* **Exercise**
Search the entries for the string "andbT" and give the number of lines that hold it, nothing more.

* **Records provided**
________

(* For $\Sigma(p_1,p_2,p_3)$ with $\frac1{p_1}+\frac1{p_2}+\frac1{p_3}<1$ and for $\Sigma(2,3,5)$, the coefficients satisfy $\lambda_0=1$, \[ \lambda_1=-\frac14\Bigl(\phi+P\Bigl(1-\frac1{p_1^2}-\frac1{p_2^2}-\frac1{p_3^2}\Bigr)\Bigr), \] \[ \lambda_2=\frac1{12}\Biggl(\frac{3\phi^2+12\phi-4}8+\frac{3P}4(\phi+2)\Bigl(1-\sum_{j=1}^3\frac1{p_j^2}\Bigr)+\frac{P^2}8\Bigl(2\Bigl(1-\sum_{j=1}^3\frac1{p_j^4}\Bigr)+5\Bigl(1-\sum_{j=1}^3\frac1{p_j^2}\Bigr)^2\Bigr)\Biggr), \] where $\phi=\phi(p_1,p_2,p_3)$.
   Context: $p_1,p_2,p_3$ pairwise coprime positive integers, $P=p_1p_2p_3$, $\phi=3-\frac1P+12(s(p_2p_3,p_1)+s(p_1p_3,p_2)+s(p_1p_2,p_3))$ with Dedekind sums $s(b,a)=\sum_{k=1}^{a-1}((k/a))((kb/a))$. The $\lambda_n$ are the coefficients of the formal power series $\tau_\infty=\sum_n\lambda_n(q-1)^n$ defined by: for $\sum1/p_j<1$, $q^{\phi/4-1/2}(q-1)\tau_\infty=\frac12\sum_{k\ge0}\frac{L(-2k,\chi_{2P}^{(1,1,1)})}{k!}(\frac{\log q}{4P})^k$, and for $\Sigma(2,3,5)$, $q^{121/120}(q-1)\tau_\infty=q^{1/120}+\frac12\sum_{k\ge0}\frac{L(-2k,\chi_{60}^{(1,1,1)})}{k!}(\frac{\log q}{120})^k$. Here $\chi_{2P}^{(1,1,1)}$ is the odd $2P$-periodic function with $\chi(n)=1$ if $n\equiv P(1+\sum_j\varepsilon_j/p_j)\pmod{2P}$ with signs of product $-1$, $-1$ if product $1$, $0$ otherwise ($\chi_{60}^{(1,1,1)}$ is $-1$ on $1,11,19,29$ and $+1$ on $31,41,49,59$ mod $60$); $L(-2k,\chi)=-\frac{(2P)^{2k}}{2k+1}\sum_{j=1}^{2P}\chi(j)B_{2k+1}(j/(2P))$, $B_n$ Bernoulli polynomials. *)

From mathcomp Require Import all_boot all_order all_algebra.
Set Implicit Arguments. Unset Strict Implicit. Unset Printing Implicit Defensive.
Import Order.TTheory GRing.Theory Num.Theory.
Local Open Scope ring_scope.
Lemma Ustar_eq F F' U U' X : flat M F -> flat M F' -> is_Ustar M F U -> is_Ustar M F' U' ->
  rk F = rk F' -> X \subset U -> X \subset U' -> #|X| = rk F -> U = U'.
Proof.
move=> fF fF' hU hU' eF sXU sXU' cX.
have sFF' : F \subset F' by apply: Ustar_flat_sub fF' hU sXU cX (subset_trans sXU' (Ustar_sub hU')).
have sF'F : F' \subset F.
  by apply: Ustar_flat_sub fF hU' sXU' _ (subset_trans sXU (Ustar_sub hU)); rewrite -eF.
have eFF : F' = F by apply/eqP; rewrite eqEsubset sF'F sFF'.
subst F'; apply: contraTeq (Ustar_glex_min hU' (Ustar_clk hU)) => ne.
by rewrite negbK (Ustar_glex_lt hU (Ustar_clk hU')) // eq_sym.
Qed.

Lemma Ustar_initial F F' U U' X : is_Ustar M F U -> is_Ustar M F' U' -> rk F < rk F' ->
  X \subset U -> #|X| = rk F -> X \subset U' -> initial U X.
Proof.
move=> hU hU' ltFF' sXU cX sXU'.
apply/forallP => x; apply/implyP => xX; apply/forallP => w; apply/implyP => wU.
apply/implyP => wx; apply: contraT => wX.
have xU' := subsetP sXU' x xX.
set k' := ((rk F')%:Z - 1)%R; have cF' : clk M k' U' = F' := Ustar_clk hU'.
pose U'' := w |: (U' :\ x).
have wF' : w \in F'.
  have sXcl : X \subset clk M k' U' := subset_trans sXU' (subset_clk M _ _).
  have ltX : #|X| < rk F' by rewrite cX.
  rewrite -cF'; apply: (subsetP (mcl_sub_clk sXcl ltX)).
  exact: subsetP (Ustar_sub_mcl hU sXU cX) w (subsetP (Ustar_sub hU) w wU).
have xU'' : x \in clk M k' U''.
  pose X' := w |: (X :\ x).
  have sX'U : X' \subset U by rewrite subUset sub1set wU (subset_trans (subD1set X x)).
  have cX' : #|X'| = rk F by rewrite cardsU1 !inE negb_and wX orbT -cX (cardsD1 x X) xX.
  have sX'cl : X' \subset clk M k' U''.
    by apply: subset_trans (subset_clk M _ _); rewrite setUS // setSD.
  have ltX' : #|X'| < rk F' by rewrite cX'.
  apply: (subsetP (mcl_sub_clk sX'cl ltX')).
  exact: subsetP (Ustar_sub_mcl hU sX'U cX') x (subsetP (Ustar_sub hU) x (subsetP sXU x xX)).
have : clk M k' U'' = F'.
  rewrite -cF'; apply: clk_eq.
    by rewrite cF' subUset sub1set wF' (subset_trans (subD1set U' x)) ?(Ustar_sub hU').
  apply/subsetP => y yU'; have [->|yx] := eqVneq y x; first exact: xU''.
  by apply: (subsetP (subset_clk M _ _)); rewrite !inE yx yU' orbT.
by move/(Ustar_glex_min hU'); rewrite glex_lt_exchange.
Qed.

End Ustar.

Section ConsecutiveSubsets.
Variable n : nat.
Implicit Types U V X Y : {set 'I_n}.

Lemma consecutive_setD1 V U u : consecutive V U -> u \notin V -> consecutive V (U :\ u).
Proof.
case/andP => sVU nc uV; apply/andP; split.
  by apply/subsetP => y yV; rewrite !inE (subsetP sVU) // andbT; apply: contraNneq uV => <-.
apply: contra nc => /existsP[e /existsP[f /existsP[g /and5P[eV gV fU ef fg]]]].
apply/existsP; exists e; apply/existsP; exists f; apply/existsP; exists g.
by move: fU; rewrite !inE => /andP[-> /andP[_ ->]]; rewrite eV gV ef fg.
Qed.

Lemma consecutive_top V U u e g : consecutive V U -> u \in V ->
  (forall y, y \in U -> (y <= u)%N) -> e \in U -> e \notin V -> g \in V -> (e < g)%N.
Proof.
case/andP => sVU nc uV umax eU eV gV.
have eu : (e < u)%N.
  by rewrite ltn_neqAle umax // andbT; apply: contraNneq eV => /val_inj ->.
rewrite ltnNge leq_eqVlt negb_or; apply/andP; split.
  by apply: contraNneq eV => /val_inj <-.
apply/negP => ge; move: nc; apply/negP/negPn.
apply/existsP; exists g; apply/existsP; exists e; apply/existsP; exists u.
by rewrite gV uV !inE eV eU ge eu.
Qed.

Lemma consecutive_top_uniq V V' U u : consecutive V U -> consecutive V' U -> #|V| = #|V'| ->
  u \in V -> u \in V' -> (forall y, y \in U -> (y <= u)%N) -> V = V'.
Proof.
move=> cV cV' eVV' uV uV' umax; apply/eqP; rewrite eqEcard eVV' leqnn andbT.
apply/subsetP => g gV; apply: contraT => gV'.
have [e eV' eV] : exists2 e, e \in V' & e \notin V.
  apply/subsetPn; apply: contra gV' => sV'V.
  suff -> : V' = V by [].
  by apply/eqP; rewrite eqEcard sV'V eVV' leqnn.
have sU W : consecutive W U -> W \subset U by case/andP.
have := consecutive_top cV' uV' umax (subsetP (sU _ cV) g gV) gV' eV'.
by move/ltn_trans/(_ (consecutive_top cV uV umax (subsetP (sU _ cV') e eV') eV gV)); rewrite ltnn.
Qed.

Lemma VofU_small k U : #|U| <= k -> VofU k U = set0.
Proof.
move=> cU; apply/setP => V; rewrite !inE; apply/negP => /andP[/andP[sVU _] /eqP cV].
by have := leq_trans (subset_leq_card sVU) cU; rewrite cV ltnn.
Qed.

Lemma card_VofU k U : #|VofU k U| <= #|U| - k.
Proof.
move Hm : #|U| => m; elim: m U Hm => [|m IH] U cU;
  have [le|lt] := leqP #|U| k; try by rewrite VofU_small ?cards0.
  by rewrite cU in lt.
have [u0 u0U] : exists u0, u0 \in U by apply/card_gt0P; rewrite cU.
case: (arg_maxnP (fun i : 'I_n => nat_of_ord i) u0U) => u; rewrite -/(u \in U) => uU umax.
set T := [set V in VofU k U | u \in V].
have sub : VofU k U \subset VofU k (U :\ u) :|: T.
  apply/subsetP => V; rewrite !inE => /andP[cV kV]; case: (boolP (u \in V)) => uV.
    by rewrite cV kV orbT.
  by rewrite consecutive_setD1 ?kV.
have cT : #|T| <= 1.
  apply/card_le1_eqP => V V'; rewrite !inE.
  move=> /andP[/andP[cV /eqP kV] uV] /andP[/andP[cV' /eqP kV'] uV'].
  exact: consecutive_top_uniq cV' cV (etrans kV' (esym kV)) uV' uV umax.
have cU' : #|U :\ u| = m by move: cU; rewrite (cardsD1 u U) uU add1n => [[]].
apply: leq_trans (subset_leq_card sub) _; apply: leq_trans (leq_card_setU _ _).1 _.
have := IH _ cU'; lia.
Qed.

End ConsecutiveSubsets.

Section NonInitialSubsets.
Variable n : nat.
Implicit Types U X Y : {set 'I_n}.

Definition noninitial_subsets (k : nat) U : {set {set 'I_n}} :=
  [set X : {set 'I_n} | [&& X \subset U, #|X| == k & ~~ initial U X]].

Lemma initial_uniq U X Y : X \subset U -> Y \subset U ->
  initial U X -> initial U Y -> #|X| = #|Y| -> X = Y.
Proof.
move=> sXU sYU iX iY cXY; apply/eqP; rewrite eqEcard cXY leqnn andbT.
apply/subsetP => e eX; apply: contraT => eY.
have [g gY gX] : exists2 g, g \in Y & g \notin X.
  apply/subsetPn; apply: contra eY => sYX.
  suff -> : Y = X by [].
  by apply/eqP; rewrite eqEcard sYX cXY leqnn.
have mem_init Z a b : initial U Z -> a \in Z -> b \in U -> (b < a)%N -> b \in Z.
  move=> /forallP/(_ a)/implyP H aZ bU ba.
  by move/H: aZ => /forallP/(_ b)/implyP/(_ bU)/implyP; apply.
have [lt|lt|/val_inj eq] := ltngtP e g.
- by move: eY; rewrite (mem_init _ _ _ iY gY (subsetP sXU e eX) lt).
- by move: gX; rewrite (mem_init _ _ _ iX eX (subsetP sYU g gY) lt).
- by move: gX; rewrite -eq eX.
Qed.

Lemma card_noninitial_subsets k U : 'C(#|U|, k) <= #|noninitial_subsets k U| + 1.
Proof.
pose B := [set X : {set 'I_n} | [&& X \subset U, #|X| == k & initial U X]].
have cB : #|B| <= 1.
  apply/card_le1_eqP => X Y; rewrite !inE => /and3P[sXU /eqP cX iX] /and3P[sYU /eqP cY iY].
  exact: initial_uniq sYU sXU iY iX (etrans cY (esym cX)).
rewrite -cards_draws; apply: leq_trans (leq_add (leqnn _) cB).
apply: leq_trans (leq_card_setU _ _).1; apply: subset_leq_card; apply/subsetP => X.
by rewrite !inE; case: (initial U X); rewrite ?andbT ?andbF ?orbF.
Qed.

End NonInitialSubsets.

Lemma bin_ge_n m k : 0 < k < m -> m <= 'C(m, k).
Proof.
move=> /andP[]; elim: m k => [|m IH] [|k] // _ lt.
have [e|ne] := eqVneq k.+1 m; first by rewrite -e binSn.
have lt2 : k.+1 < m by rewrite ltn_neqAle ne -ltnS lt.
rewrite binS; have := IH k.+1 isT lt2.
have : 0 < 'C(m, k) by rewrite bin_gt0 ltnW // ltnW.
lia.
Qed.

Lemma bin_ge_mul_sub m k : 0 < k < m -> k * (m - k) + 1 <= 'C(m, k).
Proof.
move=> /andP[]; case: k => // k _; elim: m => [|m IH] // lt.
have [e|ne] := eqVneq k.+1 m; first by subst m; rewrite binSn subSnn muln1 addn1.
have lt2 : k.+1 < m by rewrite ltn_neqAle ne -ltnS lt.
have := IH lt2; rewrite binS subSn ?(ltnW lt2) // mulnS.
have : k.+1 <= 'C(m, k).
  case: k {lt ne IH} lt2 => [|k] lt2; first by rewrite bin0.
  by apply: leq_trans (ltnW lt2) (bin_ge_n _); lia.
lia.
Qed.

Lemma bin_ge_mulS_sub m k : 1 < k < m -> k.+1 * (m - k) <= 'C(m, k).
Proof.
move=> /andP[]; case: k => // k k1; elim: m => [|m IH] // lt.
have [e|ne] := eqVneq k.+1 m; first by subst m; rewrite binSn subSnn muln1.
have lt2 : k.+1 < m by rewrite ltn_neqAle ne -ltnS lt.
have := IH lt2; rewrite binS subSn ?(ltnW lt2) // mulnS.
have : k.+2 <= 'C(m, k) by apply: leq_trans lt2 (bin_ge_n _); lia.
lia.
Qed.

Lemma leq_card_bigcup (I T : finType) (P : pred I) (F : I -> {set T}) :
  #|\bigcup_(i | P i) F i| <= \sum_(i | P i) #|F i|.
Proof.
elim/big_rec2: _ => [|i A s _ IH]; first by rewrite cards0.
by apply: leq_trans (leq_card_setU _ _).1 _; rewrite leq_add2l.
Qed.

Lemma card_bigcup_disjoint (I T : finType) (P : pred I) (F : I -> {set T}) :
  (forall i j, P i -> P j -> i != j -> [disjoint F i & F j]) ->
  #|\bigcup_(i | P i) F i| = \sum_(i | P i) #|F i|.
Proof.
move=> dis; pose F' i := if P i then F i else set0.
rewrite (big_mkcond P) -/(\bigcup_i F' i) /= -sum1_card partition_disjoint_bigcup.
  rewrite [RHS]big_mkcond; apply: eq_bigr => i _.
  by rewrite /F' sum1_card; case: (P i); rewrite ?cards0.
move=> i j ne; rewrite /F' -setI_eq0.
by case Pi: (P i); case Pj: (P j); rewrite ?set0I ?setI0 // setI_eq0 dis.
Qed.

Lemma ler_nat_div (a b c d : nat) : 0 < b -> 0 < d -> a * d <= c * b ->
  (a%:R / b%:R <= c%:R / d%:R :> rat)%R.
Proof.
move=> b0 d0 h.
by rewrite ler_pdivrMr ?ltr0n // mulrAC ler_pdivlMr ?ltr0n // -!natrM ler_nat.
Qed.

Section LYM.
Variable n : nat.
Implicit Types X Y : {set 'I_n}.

________

* **Answer section**
5